PRiME hosts International Symposium Workshop on Many-Core Computing: Hardware and Software

Published: 17 January 2018
Illustration
Professor Bashir Al-Hashimi

The PRiME Programme at the University of Southampton is hosting a two-day international symposium this week (17-18 January 2018).

The UK’s Engineering and Physical Science Research Council (EPSRC) has made significant investment over the last 5 years in the area of “many-core computing”. To celebrate and promote these research activities, PRiME has organised – and will feature in – the International Symposium Workshop on Many-Core Computing: Hardware and Software.

PRiME, is a five year £5.6m EPSRC funded research programme, which brings together Southampton, Imperial, Manchester and Newcastle universities with world-leading expertise in low power, highly-parallel, reconfigurable and dependable computing and verified software design. Working in collaboration with five companies and seven international visiting experts, PRiME is addressing the challenge of power consumption and reliability of future high-performance embedded systems utilising many-core processors.

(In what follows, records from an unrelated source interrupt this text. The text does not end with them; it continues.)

(* Otherwise [g] keeps a sign on a whole unit interval and moves [f] by a fixed amount. *)
Lemma is_lim_m_infty_0_of_slow_drift (f g dg e : R -> R) (l : R) :
  is_lim f m_infty l -> (forall x, is_derive f x (g x + e x)) -> is_lim e m_infty 0 ->
  (forall x, is_derive g x (dg x)) -> is_lim dg m_infty 0 -> is_lim g m_infty 0.
Proof.
  intros Hf Hdf He Hdg Hdg0.
  apply is_lim_spec. intros [eps Heps]. simpl.
  destruct (is_lim_m_infty_eventually f l (eps / 8) Hf) as [T1 HT1]; [lra |].
  destruct (is_lim_m_infty_eventually e 0 (eps / 4) He) as [T2 HT2]; [lra |].
  destruct (is_lim_m_infty_eventually dg 0 (eps / 4) Hdg0) as [T3 HT3]; [lra |].
  set (T := Rmin T1 (Rmin T2 T3)).
  assert (HT : T <= T1 /\ T <= T2 /\ T <= T3).
  { unfold T. pose proof (Rmin_l T1 (Rmin T2 T3)). pose proof (Rmin_r T1 (Rmin T2 T3)).
    pose proof (Rmin_l T2 T3). pose proof (Rmin_r T2 T3). lra. }
  exists (T - 1). intros a Ha. rewrite Rminus_0_r. apply Rnot_le_lt. intros Hbig.
  assert (Hsg : exists sg, (sg = 1 \/ sg = -1) /\ eps <= sg * g a).
  { destruct (Rle_dec 0 (g a)).
    - exists 1. rewrite Rabs_right in Hbig by lra. split; [left |]; lra.
    - exists (-1). rewrite Rabs_left in Hbig by lra. split; [right |]; lra. }
  destruct Hsg as [sg [Hsg Hga]].
  assert (Hslope : forall u, a <= u <= a + 1 -> eps / 2 <= sg * (g u + e u)).
  { intros u Hu.
    assert (Hlip : Rabs (g u - g a) <= eps / 4 * (u - a)).
    { apply (MVT_abs_bound g dg); [auto | | lra].
      intros x Hx. rewrite <- (Rminus_0_r (dg x)). apply Rlt_le, HT3. lra. }
    pose proof (HT2 u ltac:(lra)) as Heu. rewrite Rminus_0_r in Heu.
    apply Rabs_le_between in Hlip. apply Rabs_lt_between in Heu.
    destruct Hsg as [-> | ->]; nra. }
  assert (Hmove : eps / 2 * (a + 1 - a) <= sg * f (a + 1) - sg * f a).
  { apply (MVT_lower_bound (fun x => sg * f x) (fun x => sg * (g x + e x))); [| auto | lra].
    intros x _. apply is_derive_scal, Hdf. }
  pose proof (HT1 a ltac:(lra)) as Hfa. pose proof (HT1 (a + 1) ltac:(lra)) as Hfa1.
  apply Rabs_lt_between in Hfa. apply Rabs_lt_between in Hfa1.
  destruct Hsg as [-> | ->]; lra.
Qed.

Lemma is_lim_m_infty_0_mult_bounded (f b : R -> R) (B : R) :
  is_lim f m_infty 0 -> (forall x, Rabs (b x) <= B) -> is_lim (fun x => f x * b x) m_infty 0.
Proof.
  intros Hf Hb. apply is_lim_spec. intros [eps He]. simpl.
  assert (HB : 0 <= B) by (pose proof (Hb 0); pose proof (Rabs_pos (b 0)); lra).
  destruct (is_lim_m_infty_eventually f 0 (eps / (B + 1)) Hf) as [T HT].
  { apply Rdiv_lt_0_compat; lra. }
  exists T. intros x Hx. specialize (HT x Hx). rewrite Rminus_0_r in *.
  rewrite Rabs_mult.
  apply Rle_lt_trans with (eps / (B + 1) * B).
  - apply Rmult_le_compat; [apply Rabs_pos | apply Rabs_pos | lra | apply Hb].
  - apply (Rmult_lt_reg_r (B + 1)); [lra |]. field_simplify; nra.
Qed.

Lemma is_lim_0_of_sqr (f : R -> R) (x : Rbar) :
  is_lim (fun y => f y ^ 2) x 0 -> is_lim f x 0.
Proof.
  intros Hf. apply is_lim_spec in Hf. apply is_lim_spec. intros [eps He].
  assert (He2 : 0 < eps ^ 2) by (apply pow_lt, He).
  apply (filter_imp (fun y => Rabs (f y ^ 2 - 0) < eps ^ 2)); [| exact (Hf (mkposreal _ He2))].
  intros y Hy. cbv beta in *. rewrite Rminus_0_r in *.
  rewrite Rabs_right in Hy by apply Rle_ge, pow2_ge_0.
  rewrite <- (Rabs_right eps) by lra. apply Rsqr_lt_abs_0. rewrite !Rsqr_pow2. exact Hy.
Qed.

Section Trajectory.

Variables (p q : nat) (th al : R -> R).
Hypothesis Hth : forall s, is_derive th s (theta_rhs (th s) (al s)).
Hypothesis Hal : forall s, is_derive al s (alpha_rhs p q (th s) (al s)).
Hypotheses (hp : (1 <= p)%nat) (hq : (1 <= q)%nat).

Definition beta (s : R) : R := al s - th s.

(* [defect] vanishes exactly where [tan th ^ 2 = q / p], i.e. at [th = alpha0 p q]. *)
Definition defect (s : R) : R := INR q * cos (th s) ^ 2 - INR p * sin (th s) ^ 2.

Definition beta_rhs (s : R) : R :=
  cos (beta s) * defect s - (INR p + INR q + 3) * sin (th s) * cos (th s) * sin (beta s).

Lemma beta_derive (x : R) : is_derive beta x (beta_rhs x).
Proof.
  eapply is_derive_eq; [apply (is_derive_Rminus al th); auto |].
  unfold alpha_rhs, theta_rhs, beta_rhs, defect, beta.
  set (b := al x - th x). replace (al x) with (th x + b) by (unfold b; ring).
  rewrite cos_plus, sin_plus. ring.
Qed.

(* [sin (2 th) ^ 2] has logarithmic derivative [6 cos (2 th) sin beta], so it never vanishes. *)
Lemma theta_in_quadrant (s0 : R) : 0 < th s0 < PI / 2 -> forall s, 0 < th s < PI / 2.
Proof.
  intros Hs0.
  assert (Hpos : forall s, 0 < sin (2 * th s) ^ 2).
  { apply (positive_of_derive_mult_bounded _ (fun s => 6 * cos (2 * th s) * sin (beta s)) 6 s0).
    - intros x. eapply is_derive_eq.
      + apply (is_derive_pow (fun s => sin (2 * th s))).
        apply (is_derive_chain sin (fun s => 2 * th s)); [apply is_derive_sin |].
        apply is_derive_scal, Hth.
      + unfold theta_rhs, beta. cbn [pow Nat.pred]. rewrite sin_2a. simpl. ring.
    - intros x. rewrite Rabs_mult, Rabs_mult, (Rabs_right 6) by lra.
      pose proof (Rabs_le _ _ (COS_bound (2 * th x))).
      pose proof (Rabs_le _ _ (SIN_bound (beta x))).
      assert (Rabs (cos (2 * th x)) * Rabs (sin (beta x)) <= 1 * 1)
        by (apply Rmult_le_compat; auto using Rabs_pos).
      lra.
    - intros x. apply pow2_ge_0.
    - apply pow_lt, sin_gt_0; lra. }
  assert (Hc : continuity th) by exact (continuity_of_is_derive th _ Hth).
  intros s. pose proof PI_RGT_0.
  destruct (Rlt_dec 0 (th s)); [destruct (Rlt_dec (th s) (PI / 2)) |].
  - lra.
  - destruct (IVT_gen th s s0 (PI / 2) Hc) as [t [_ Ht]].
    { unfold Rmin, Rmax; destruct Rle_dec; lra. }
    specialize (Hpos t). rewrite Ht in Hpos.
    replace (2 * (PI / 2)) with PI in Hpos by field. rewrite sin_PI in Hpos. simpl in Hpos. lra.
  - destruct (IVT_gen th s s0 0 Hc) as [t [_ Ht]].
    { unfold Rmin, Rmax; destruct Rle_dec; lra. }
    specialize (Hpos t). rewrite Ht, Rmult_0_r, sin_0 in Hpos. simpl in Hpos. lra.
Qed.

Definition lyap (s : R) : R := cos (th s) ^ p * sin (th s) ^ q * cos (beta s) ^ 3.

Definition lyap_rhs (s : R) : R :=
  3 * (INR p + INR q + 3) * (sin (th s) * cos (th s)) * (cos (th s) ^ p * sin (th s) ^ q)
  * (cos (beta s) * sin (beta s)) ^ 2.

(* The [defect] part of [beta'] cancels the contribution of [th'], leaving a square. *)
Lemma lyap_derive (x : R) : is_derive lyap x (lyap_rhs x).
Proof.
  eapply is_derive_eq.
  - apply (is_derive_Rmult (fun s => cos (th s) ^ p * sin (th s) ^ q)).
    + apply (is_derive_Rmult (fun s => cos (th s) ^ p)); apply (is_derive_pow (fun s => _ (th s)));
        apply (is_derive_chain _ th); auto using is_derive_cos, is_derive_sin.
    + apply (is_derive_pow (fun s => cos (beta s))).
      apply (is_derive_chain cos beta); [apply is_derive_cos | apply beta_derive].
  - unfold lyap_rhs, beta_rhs, defect, theta_rhs, beta. cbn [Nat.pred].
    rewrite (pow_pred_mul (cos (th x)) p hp), (pow_pred_mul (sin (th x)) q hq).
    replace (INR 3) with 3 by (simpl; ring). ring.
Qed.

Hypothesis Hquad : forall s, 0 < th s < PI / 2.

Lemma sin_cos_theta_bounds (s : R) : 0 < cos (th s) <= 1 /\ 0 < sin (th s) <= 1.
Proof.
  specialize (Hquad s).
  split; (split; [apply cos_gt_0 || apply sin_gt_0; lra | apply COS_bound || apply SIN_bound]).
Qed.

Lemma lyap_rhs_ge0 (x : R) : 0 <= lyap_rhs x.
Proof.
  destruct (sin_cos_theta_bounds x) as [Hc Hs]. pose proof (pos_INR p). pose proof (pos_INR q).
  unfold lyap_rhs.
  apply Rmult_le_pos; [| apply pow2_ge_0]. apply Rmult_le_pos.
  - apply Rmult_le_pos; [lra | apply Rmult_le_pos; lra].
  - apply Rmult_le_pos; apply pow_le; lra.
Qed.

Lemma lyap_nondecreasing (a b : R) : a <= b -> lyap a <= lyap b.
Proof. apply (nondecreasing_of_derive_nonneg lyap lyap_rhs lyap_derive lyap_rhs_ge0). Qed.

Lemma lyap_ge_m1 (x : R) : -1 <= lyap x.
Proof.
  destruct (sin_cos_theta_bounds x) as [Hc Hs]. unfold lyap.
  assert (0 <= cos (th x) ^ p * sin (th x) ^ q <= 1).
  { pose proof (pow_le_one (cos (th x)) p ltac:(lra)).
    pose proof (pow_le (cos (th x)) p ltac:(lra)).
    pose proof (pow_le_one (sin (th x)) q ltac:(lra)).
    pose proof (pow_le (sin (th x)) q ltac:(lra)).
    split; nra. }
  pose proof (COS_bound (beta x)).
  assert (-1 <= cos (beta x) ^ 3 <= 1) by (simpl; split; nra).
  nra.
Qed.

Its Director, Professor Bashir Al-Hashimi (Dean of the Faculty of Physical Sciences and Engineering at Southampton), says: “Energy efficient computing is at the heart of the digital world and PRiME, a strategically funded EPSRC project, has been researching and developing novel methods of significantly reducing energy consumption of computation. This by-invitation only international symposium brings together the leading researchers from academia and the industry from worldwide to share the latest research developments and debate the key future scientific challenges of high performance and energy efficient computing.”

Around 60 international experts from academia and industry will hear from 30 speakers and panellists. Participants have been invited from the UK and Northern Ireland, Germany, Switzerland, France, US and China as well as from companies including ARM, Microsoft and Intel.

The symposium will be followed by the final PRiME Advisory Board as it enters the last year of the project.